PROBLEM DESCRIPTION =>
Which lines of the entries below run from the one holding "Definition vec (I : finType) := I -> C." to the one holding "Definition opmul (I", inclusive? Set down exactly those lines and no others.

EXERCISE INPUT =>
Lemma gen_rot_set_of_close_sets (F : pt R -> pt R) x0 L (ns : nat -> nat) (C : R) :
  D x0 -> ncompact L ->
  (forall i, i.+1%:R < diam (iterD F (ns i))) ->
  (forall i, close_sets
     (scale_set (diam (iterD F (ns i)))^-1
        (translate_set (- iter (ns i) F x0) (iterD F (ns i))))
     L (C / i.+1%:R)) ->
  gen_rot_set F x0 L.
Proof.
move=> Dx0 [L0 Lc] diverge close_L; split=> //; exists ns; split.
  move=> M; exists (Num.truncn M) => i Ni; apply: lt_trans (diverge i).
  by apply: lt_le_trans (truncnS_gt M) _; rewrite ler_nat ltnS.
move=> e e0; have [N small] := eventually_div_succ_lt C e0.
exists N => i Ni; apply: le_lt_trans (small i Ni).
apply: close_sets_dH_le (close_L i) => //.
set q := iter (ns i) F x0; set c := (diam (iterD F (ns i)))^-1.
by exists (c *: (q - q)); exists (q - q) => //; exists q => //; exists x0.
Qed.

End RotationSets.
(* Let $\mathcal{A},\mathcal{B},\mathcal{C}$ be finite-dimensional complex Hilbert spaces with $\dim\mathcal{C}\geq\dim(\mathcal{A}\otimes\mathcal{B})$, let $\ket{\mathrm{idle}}\in\mathcal{B}$ be a unit vector, and let $L$ be a subunitary operator on $\mathcal{A}\otimes\mathcal{B}$ with $L(\ket{\varphi}\otimes\ket{\mathrm{idle}})=\ket{\varphi}\otimes\ket{\mathrm{idle}}$ for all $\ket{\varphi}\in\mathcal{A}$. Let $\ket{\xi}\neq 0$ and $\ket{\tau}$ be vectors in $\mathcal{A}\otimes\mathcal{B}\otimes\mathcal{C}$. Let $\overline{\pi}$ be a positive semidefinite operator on $\mathcal{A}\otimes\mathcal{B}$ satisfying $$\mathrm{tr}_{\mathcal{B}}\left(L\overline{\pi}L^\dagger-\overline{\pi}\right)=\mathrm{tr}_{\mathcal{B}\mathcal{C}}\left(\ket{\tau}\bra{\tau}-\ket{\xi}\bra{\xi}\right),$$ and let $\ket{v}\in\mathcal{A}\otimes\mathcal{B}\otimes\mathcal{C}$ be a purification of $\overline{\pi}$, i.e. $\mathrm{tr}_{\mathcal{C}}\ket{v}\bra{v}=\overline{\pi}$. Then for every integer $T'>0$, the operators $$\pi^j=\left(\frac{T'-j}{T'}\,\mathrm{tr}_{\mathcal{B}\mathcal{C}}\ket{\xi}\bra{\xi}+\frac{j}{T'}\,\mathrm{tr}_{\mathcal{B}\mathcal{C}}\ket{\tau}\bra{\tau}\right)\otimes\ket{\mathrm{idle}}\bra{\mathrm{idle}}+\frac{\overline{\pi}}{T'},\qquad 0\leq j<T',$$ are positive semidefinite and satisfy $\mathrm{tr}_{\mathcal{B}}\pi^{j+1}=\mathrm{tr}_{\mathcal{B}}(L\pi^jL^\dagger)$ for $0\leq j\leq T'-2$, and they constitute a $T'$-timestep algorithm (with ancilla space $\mathcal{C}\otimes\mathbb{C}^2$, i.e. an added qubit) transforming $$\ket{\xi}\otimes\ket{0}+\frac{\ket{v}}{\sqrt{T'}}\otimes\ket{1}\ \mapsto\ \ket{\tau}\otimes\ket{0}+\frac{\ket{v}}{\sqrt{T'}}\otimes\ket{1}.$$
   Context: A $T$-timestep algorithm with ancilla space $\mathcal{C}'$ consists of unitaries $U_0,\dots,U_T$ on $\mathcal{B}\otimes\mathcal{C}'$ and applies $E=(I_{\mathcal{A}}\otimes U_T)(L\otimes I_{\mathcal{C}'})(I_{\mathcal{A}}\otimes U_{T-1})\cdots(L\otimes I_{\mathcal{C}'})(I_{\mathcal{A}}\otimes U_0)$ to a state in $\mathcal{A}\otimes\mathcal{B}\otimes\mathcal{C}'$; it transforms $\ket{x}\mapsto\ket{y}$ if $E\ket{x}=\ket{y}$. Its intermediate states are $\ket{\Phi^j}=(I_{\mathcal{A}}\otimes U_j)(L\otimes I)\cdots(L\otimes I)(I_{\mathcal{A}}\otimes U_0)\ket{x}$ ($j$ applications of $L$), and ''the sequence $(\pi^j)$ constitutes the algorithm'' means $\pi^j=\mathrm{tr}_{\mathcal{C}'}\ket{\Phi^j}\bra{\Phi^j}$. Subunitary means $\|L\ket{\varphi}\|\leq\|\ket{\varphi}\|$ for all $\ket{\varphi}$. States need not be normalized; $\mathrm{tr}_{\mathcal{B}}$ etc. are partial traces. *)

(* A finite-dimensional
   Hilbert space with a chosen orthonormal basis indexed by a finType I is
   modelled as functions I -> C; operators as matrices I -> I -> C.
   Tensor products are indexed by product types. *)
From HB Require Import structures.
From mathcomp Require Import all_boot all_order all_algebra.
From mathcomp Require Import reals.
From mathcomp Require Import complex.
Set Implicit Arguments. Unset Strict Implicit. Unset Printing Implicit Defensive.
Import Order.TTheory GRing.Theory Num.Theory.
Local Open Scope ring_scope.

Section Defs.
Variable C : numClosedFieldType.

Definition vec (I : finType) := I -> C.
Definition op (I : finType) := I -> I -> C.

Definition opeq (I : finType) (X Y : op I) := forall i j, X i j = Y i j.
Definition veceq (I : finType) (u w : vec I) := forall i, u i = w i.

Definition idop (I : finType) : op I := fun i j => (i == j)%:R.
Definition opmul (I : finType) (X Y : op I) : op I :=
  fun i k => \sum_j X i j * Y j k.
Definition adj (I : finType) (X : op I) : op I := fun i j => (X j i)^*.
Definition apply (I : finType) (X : op I) (v : vec I) : vec I :=
  fun i => \sum_j X i j * v j.
Definition outer (I : finType) (u w : vec I) : op I := fun i j => u i * (w j)^*.
Definition norm2 (I : finType) (v : vec I) : C := \sum_i `|v i| ^+ 2.

Definition unitary (I : finType) (U : op I) :=
  opeq (opmul (adj U) U) (@idop I) /\ opeq (opmul U (adj U)) (@idop I).
Definition subunitary (I : finType) (L : op I) :=
  forall v : vec I, norm2 (apply L v) <= norm2 v.
Definition psd (I : finType) (X : op I) :=
  forall v : vec I, 0 <= \sum_i \sum_j (v i)^* * X i j * v j.

Definition kron (I J : finType) (u : vec I) (w : vec J) : vec (I * J)%type :=
  fun p => u p.1 * w p.2.
Definition kronop (I J : finType) (X : op I) (Y : op J) : op (I * J)%type :=
  fun p q => X p.1 q.1 * Y p.2 q.2.

Definition ptr2 (I J : finType) (X : op (I * J)%type) : op I :=
  fun i k => \sum_j X (i, j) (k, j).
Definition trBC (IA IB IC : finType) (X : op ((IA * IB) * IC)%type) : op IA :=
  fun a a' => \sum_b \sum_c X ((a, b), c) ((a', b), c).

Definition liftU (IA IB IC : finType) (U : op (IB * IC)%type)
  : op ((IA * IB) * IC)%type :=
  fun p q => (p.1.1 == q.1.1)%:R * U (p.1.2, p.2) (q.1.2, q.2).
Definition liftL (IA IB IC : finType) (L : op (IA * IB)%type)
  : op ((IA * IB) * IC)%type :=
  fun p q => L p.1 q.1 * (p.2 == q.2)%:R.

SOLUTION FOR THIS TASK =>
Definition vec (I : finType) := I -> C.
Definition op (I : finType) := I -> I -> C.

Definition opeq (I : finType) (X Y : op I) := forall i j, X i j = Y i j.
Definition veceq (I : finType) (u w : vec I) := forall i, u i = w i.

Definition idop (I : finType) : op I := fun i j => (i == j)%:R.
Definition opmul (I : finType) (X Y : op I) : op I :=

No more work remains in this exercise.